DDS stands for Data Distribution Service and is a distributed communication standard from OMG that uses a publish/subscribe model and supports multiple QoS policies.
DDS models distributed data as "topics" and defines data producers and consumers as "publishers" and "subscribers." Nodes are logically peer-to-peer, and connections can be point-to-point, point-to-many, or many-to-many. With QoS controls, DDS enables automatic discovery and configuration of network parameters.
DDS was first applied for complex upgrade compatibility in U.S. Navy ship networks and later expanded into aerospace, defense, communications, and automotive fields. In 2018 DDS was introduced into AUTOSAR AP as an optional communication method. ROS2 and Cyber RT use open-source DDS implementations as their core transport. NVIDIA SoCs such as Xavier and Orin provide DDS interfaces.

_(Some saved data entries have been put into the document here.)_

Definition le_prefix k (m1 m2 : mon) := forall i : 'I_n, i < k -> m1 i <= m2 i.

Definition dickson_prefix k := forall A : mon -> Prop, exists F : seq mon,
  (forall f, f \in F -> A f) /\ (forall a, A a -> exists2 f, f \in F & le_prefix k f a).

Lemma dickson_prefix0 : dickson_prefix 0.
Proof.
move=> A; case: (classic (exists a, A a)) => [[a Aa]|noA].
- exists [:: a]; split; first by move=> f; rewrite mem_seq1 => /eqP ->.
  by move=> a' _; exists a; rewrite ?mem_seq1.
- by exists [::]; split => // a Aa; case: noA; exists a.
Qed.

Section DicksonStep.
Variable k : nat.
Hypothesis dickson_k : dickson_prefix k.
Hypothesis lt_k_n : k < n.
Let ik : 'I_n := Ordinal lt_k_n.

Lemma le_prefixS f a : le_prefix k f a -> f ik <= a ik -> le_prefix k.+1 f a.
Proof.
move=> le le_ik i; rewrite ltnS leq_eqVlt => /orP [/eqP eq_i|]; last exact: le.
by have -> : i = ik by apply: val_inj.
Qed.

(* The elements of A whose k-th exponent is below c: there the k-th coordinate
   takes finitely many values, each value class being handled by Dickson on k. *)
Lemma dickson_layers (A : mon -> Prop) c : exists G : seq mon,
  (forall f, f \in G -> A f) /\
  (forall a, A a -> a ik < c -> exists2 f, f \in G & le_prefix k.+1 f a).
Proof.
elim: c => [|c [G [GA Gdom]]]; first by exists [::].
have [F [FA Fdom]] := dickson_k (fun a => A a /\ a ik = c).
exists (G ++ F); split.
- by move=> f; rewrite mem_cat => /orP [/GA|/FA []].
- move=> a Aa; rewrite ltnS leq_eqVlt => /orP [/eqP a_c|a_lt].
  + have [f Ff le] := Fdom a (conj Aa a_c); exists f; first by rewrite mem_cat Ff orbT.
    by apply: le_prefixS => //; have [_ ->] := FA f Ff; rewrite a_c.
  + by have [f Gf le] := Gdom a Aa a_lt; exists f; rewrite ?mem_cat ?Gf.
Qed.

Globally, RTI (Real-Time Innovations) is the largest DDS vendor, with a market share around 80%. RTI led the DDS standard development and provides a commercial DDS product named Connext DDS. A notable open-source DDS implementation is eProsima Fast DDS, developed by a team with RTI roots. eProsima released Fast DDS source code on GitHub, though paid support is available. Due to cost considerations, NVIDIA drivers often expose Fast DDS or OpenDDS in their Driver.OS. RTI views open-source DDS as its primary competitor.
AutoDRRT fault tolerance
In November 2023 Inspur participated in the Japan Automotive AI Challenge and won first place using EIS400 and AutoDRRT. The Japan Automotive AI Challenge is an international autonomous driving competition that challenges teams to solve a range of industrial autonomous transport scenarios. The 2023 event focused on factory autonomous transport and included obstacles, smoke interference, S-shaped and narrow L-shaped paths. The team that drove the farthest distance won. The competition attracted over 50 top autonomous driving teams, including university and industry teams. After online simulation qualifiers, 17 teams advanced to the onsite finals, including both academic and corporate teams.